= Cristóbal Gregorio Portocarrero, 5th Count of Montijo =

Spanish nobleman, diplomat and statesman (1693–1763)

Cristóbal Gregorio Portocarrero y Funes de Villalpando (Montijo, 2 June 1693 – Madrid, 15 June 1763), 5th Count of Montijo, was a Spanish nobleman, diplomat, and statesman.

==Biography==
Cristóbal Gregorio Portocarrero y Funes de Villalpando was the son of the 4th Count of Montijo, Cristóbal Portocarrero de Guzmán, and his third wife, María Regalado Funes de Villalpando y Monroy, 4th Marchioness of Osera, Castañeda, and Ugena.

In 1704, his father died, and he inherited all his titles and the title of Grandee of Spain. This family succession coincided with the War of the Spanish Succession, in which he sided with Philip V.

In the summer of 1726, he was part of the "family" retinue that accompanied the Monarchs to the new Royal Palace of La Granja de San Ildefonso.
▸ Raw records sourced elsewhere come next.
Lemma Rabs_RInt_le_RInt (h k : R -> R) (a b p q : R) :
  (forall x, continuous h x) -> (forall x, continuous k x) ->
  (forall x, Rabs (h x) <= k x) -> a <= p <= b -> a <= q <= b ->
  Rabs (RInt h p q) <= RInt k a b.
Proof.
  intros Ch Ck Hk Hp Hq.
  assert (k0 : forall x, 0 <= k x) by (intro x; eapply Rle_trans; [apply Rabs_pos | apply Hk]).
  assert (Hle : forall p q, a <= p -> p <= q -> q <= b -> Rabs (RInt h p q) <= RInt k a b).
  { intros p' q' Hap Hpq Hqb.
    eapply Rle_trans; [apply abs_RInt_le; auto using ex_RInt_continuous_R |].
    apply Rle_trans with (RInt k p' q').
    { apply RInt_le; auto using ex_RInt_continuous_R, continuous_Rabs_comp. }
    rewrite <- (RInt_Chasles k a p' b), <- (RInt_Chasles k p' q' b)
      by auto using ex_RInt_continuous_R.
    assert (0 <= RInt k a p') by (apply RInt_ge_0; auto using ex_RInt_continuous_R).
    assert (0 <= RInt k q' b) by (apply RInt_ge_0; auto using ex_RInt_continuous_R).
    unfold plus; simpl; lra. }
  destruct (Rle_dec p q); [apply Hle; lra |].
  rewrite <- Rabs_RInt_swap by exact Ch.
  apply Hle; lra.
Qed.

Lemma Rabs_Rinv_sub_le (m x y : R) :
  0 < m -> m <= x -> m <= y -> Rabs (/ y - / x) <= / m ^ 2 * Rabs (x - y).
Proof.
  intros Hm Hx Hy.
  replace (/ y - / x) with ((x - y) * / (x * y)) by (field; lra).
  rewrite Rabs_mult, (Rabs_right (/ (x * y))) by (apply Rle_ge, Rlt_le, Rinv_0_lt_compat; nra).
  rewrite Rmult_comm; apply Rmult_le_compat_r; [apply Rabs_pos |].
  apply Rinv_le_contravar; simpl; nra.
Qed.

Lemma is_solution_dist_le (a b : R) (F G : R -> R) (m M x0 : R)
  (Jy Jz : R -> Prop) (y z : R -> R) :
  (forall x, continuous F x) -> (forall x, continuous G x) -> 0 < m ->
  (forall x, m <= F x <= M /\ m <= G x <= M) ->
  is_solution a b F x0 Jy y -> is_solution a b G x0 Jz z ->
  forall t, Jy t -> Jz t ->
    Rabs (y t - z t) <= M / m ^ 2 * RInt (fun x => Rabs (F x - G x)) a b.
Proof.
  intros CF CG Hm HFG Sy Sz t Jyt Jzt.
  assert (NF : forall x, F x <> 0) by (intro x; destruct (HFG x); lra).
  assert (NG : forall x, G x <> 0) by (intro x; destruct (HFG x); lra).
  assert (CiF : forall x, continuous (fun u => / F u) x)
    by (intro x; apply continuous_Rinv_comp; auto).
  assert (CiG : forall x, continuous (fun u => / G u) x)
    by (intro x; apply continuous_Rinv_comp; auto).
  assert (CFG : forall x, continuous (fun u => Rabs (F u - G u)) x)
    by (intro x; apply continuous_Rabs_comp, (continuous_minus F G); auto).
  assert (Hx0 : a <= x0 <= b)
    by (destruct Sy as [_ [J0 [<- Hy]]]; exact (proj1 (Hy 0 J0))).
  assert (Hyt : a <= y t <= b) by (destruct Sy as [_ [_ [_ Hy]]]; exact (proj1 (Hy t Jyt))).
  assert (Hzt : a <= z t <= b) by (destruct Sz as [_ [_ [_ Hz]]]; exact (proj1 (Hz t Jzt))).
  assert (Ey := is_solution_RInt_inv a b F x0 Jy y CF NF Sy t Jyt).
  assert (Ez := is_solution_RInt_inv a b G x0 Jz z CG NG Sz t Jzt).
  assert (Key : RInt (fun u => / F u) (z t) (y t)
                = RInt (fun u => / G u - / F u) x0 (z t)).
  { assert (Ch := RInt_Chasles (fun u => / F u) x0 (z t) (y t)
                    (ex_RInt_continuous_R _ _ _ CiF) (ex_RInt_continuous_R _ _ _ CiF)).
    assert (Mi := RInt_minus (fun u => / G u) (fun u => / F u) x0 (z t)
                    (ex_RInt_continuous_R _ _ _ CiG) (ex_RInt_continuous_R _ _ _ CiF)).
    unfold plus, minus, opp in Ch, Mi; simpl in Ch, Mi.
    unfold plus, opp in Mi; simpl in Mi.
    unfold Rminus; rewrite Mi; lra. }
  assert (Lower : / M * Rabs (y t - z t) <= Rabs (RInt (fun u => / F u) (z t) (y t))).
  { apply Rabs_RInt_ge_const; auto.
    - apply Rlt_le, Rinv_0_lt_compat; destruct (HFG 0); lra.
    - intro x; destruct (HFG x) as [[? ?] _]; apply Rinv_le_contravar; lra. }
  assert (Upper : Rabs (RInt (fun u => / G u - / F u) x0 (z t))
                  <= / m ^ 2 * RInt (fun x => Rabs (F x - G x)) a b).
  { rewrite <- (RInt_scal (V := R_CompleteNormedModule)) by now apply ex_RInt_continuous_R.
    apply Rabs_RInt_le_RInt; auto.
    - intro x; apply (continuous_minus (fun u => / G u) (fun u => / F u)); auto.
    - intro x; apply (continuous_scal_r (K := R_AbsRing) (V := R_NormedModule)), CFG.
    - intro x; destruct (HFG x) as [[? _] [? _]]; now apply Rabs_Rinv_sub_le. }
  assert (HM : 0 < M) by (destruct (HFG 0); lra).
  rewrite Key in Lower.
  apply (Rmult_le_reg_l (/ M)); [now apply Rinv_0_lt_compat |].
  replace (/ M * (M / m ^ 2 * RInt (fun x => Rabs (F x - G x)) a b))
    with (/ m ^ 2 * RInt (fun x => Rabs (F x - G x)) a b) by (field; lra).
  lra.
Qed.

Lemma is_solution_ext (a b : R) (F G : R -> R) (x0 : R) (J : R -> Prop) (y : R -> R) :
  (forall x, a <= x <= b -> F x = G x) ->
  is_solution a b F x0 J y -> is_solution a b G x0 J y.
Proof.
  intros EFG [HJ [J0 [y0 Hy]]].
  split; [exact HJ | split; [exact J0 | split; [exact y0 |]]].
  intros t Jt; destruct (Hy t Jt) as [Hyt Dyt].
  split; [exact Hyt | now rewrite <- EFG].
Qed.

Theorem lemma4p1 (alpha beta : R) (f g : R -> R) (m M : R) (x0 : R)
  (Jgamma Jeta : R -> Prop) (gamma eta : R -> R) :
  alpha <= beta ->
  continuous_on (Icc alpha beta) f ->
  continuous_on (Icc alpha beta) g ->
  0 < m -> m < M ->
  (forall x, alpha <= x <= beta -> m <= f x <= M /\ m <= g x <= M) ->
  Rmax (L1norm alpha beta (fun x => f x - g x))
       (supnorm alpha beta (fun x => f x - g x)) < m ->
  alpha <= x0 <= beta ->
  is_solution alpha beta f x0 Jgamma gamma ->
  is_solution alpha beta g x0 Jeta eta ->
  forall t, Jgamma t -> Jeta t ->
    Rabs (gamma t - eta t) <= M / (m ^ 2) * L1norm alpha beta (fun x => f x - g x).
Proof.
  intros Hab Cf Cg Hm _ Hfg _ _ Sgamma Seta t Jgt Jet.
  set (fc := fun x => f (clamp alpha beta x)).
  set (gc := fun x => g (clamp alpha beta x)).
  assert (Efc : forall x, alpha <= x <= beta -> f x = fc x)
    by (intros; unfold fc; now rewrite clamp_id).
  assert (Egc : forall x, alpha <= x <= beta -> g x = gc x)
    by (intros; unfold gc; now rewrite clamp_id).
  replace (L1norm alpha beta (fun x => f x - g x))
    with (RInt (fun x => Rabs (fc x - gc x)) alpha beta).
  - apply (is_solution_dist_le alpha beta fc gc m M x0 Jgamma Jeta); auto.
    + now apply continuous_clamp_comp.
    + now apply continuous_clamp_comp.
    + intro x; apply Hfg, clamp_in, Hab.
    + exact (is_solution_ext _ _ _ _ _ _ _ Efc Sgamma).
    + exact (is_solution_ext _ _ _ _ _ _ _ Egc Seta).
  - apply RInt_ext; intros x Hx.
    rewrite Rmin_left, Rmax_right in Hx by exact Hab.
    rewrite Efc, Egc by lra; reflexivity.
Qed.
A year later, he was appointed to the position of Gentleman of the chamber of Philip V.

Between 1732 and 1735, Philip V entrusted him with the position of Spanish Ambassador in London, one of the most important embassies at the time. During this period, Spain participated in the War of the Polish Succession, in which Great-Britain remained neutral. In London he met the great tenor Carlo Broschi, better known as Farinelli, to whom he delivered a request from Queen Isabella Farnese for the castrato to come to the Spanish Court, which he accepted in 1737.

The prestige he had achieved as Ambassador in London allowed Portocarrero to become president of the Council of the Indies in 1737. He temporarily left this position to head the Spanish diplomatic delegation to the Diet of Frankfurt in 1741, where the Bavarian Charles VII Albert was elected Holy Roman Emperor, which was a successful outcome for Spain and France. Upon his return to Spain in 1744, he resumed his position as president of the Council of the Indies, and was appointed Mayordomo mayor to Queen Isabella Farnese in 1745.

In 1748, after Ferdinand VI of Spain ascended the Spanish throne, Portocarrero, a confidant of the Queen dowager, was removed from all his duties.

He was awarded the Spanish Order of the Golden Fleece (1713) and the French Order of the Holy Spirit (1746).

===Marriage and children===
Cristóbal Gregorio Portocarrero y Funes de Villalpando married María Fernández de Córdoba y Portocarrero (1693–1747), his half-sister's daughter. The marriage produced only one son :
- Cristóbal Pedro de Portocarrero y Fernández de Córdoba (1728–1757), predeceased his father, had one daughter :
  - Doña María Francisca de Sales Portocarrero (1754–1808), his heir and 6th Countess of Montijo.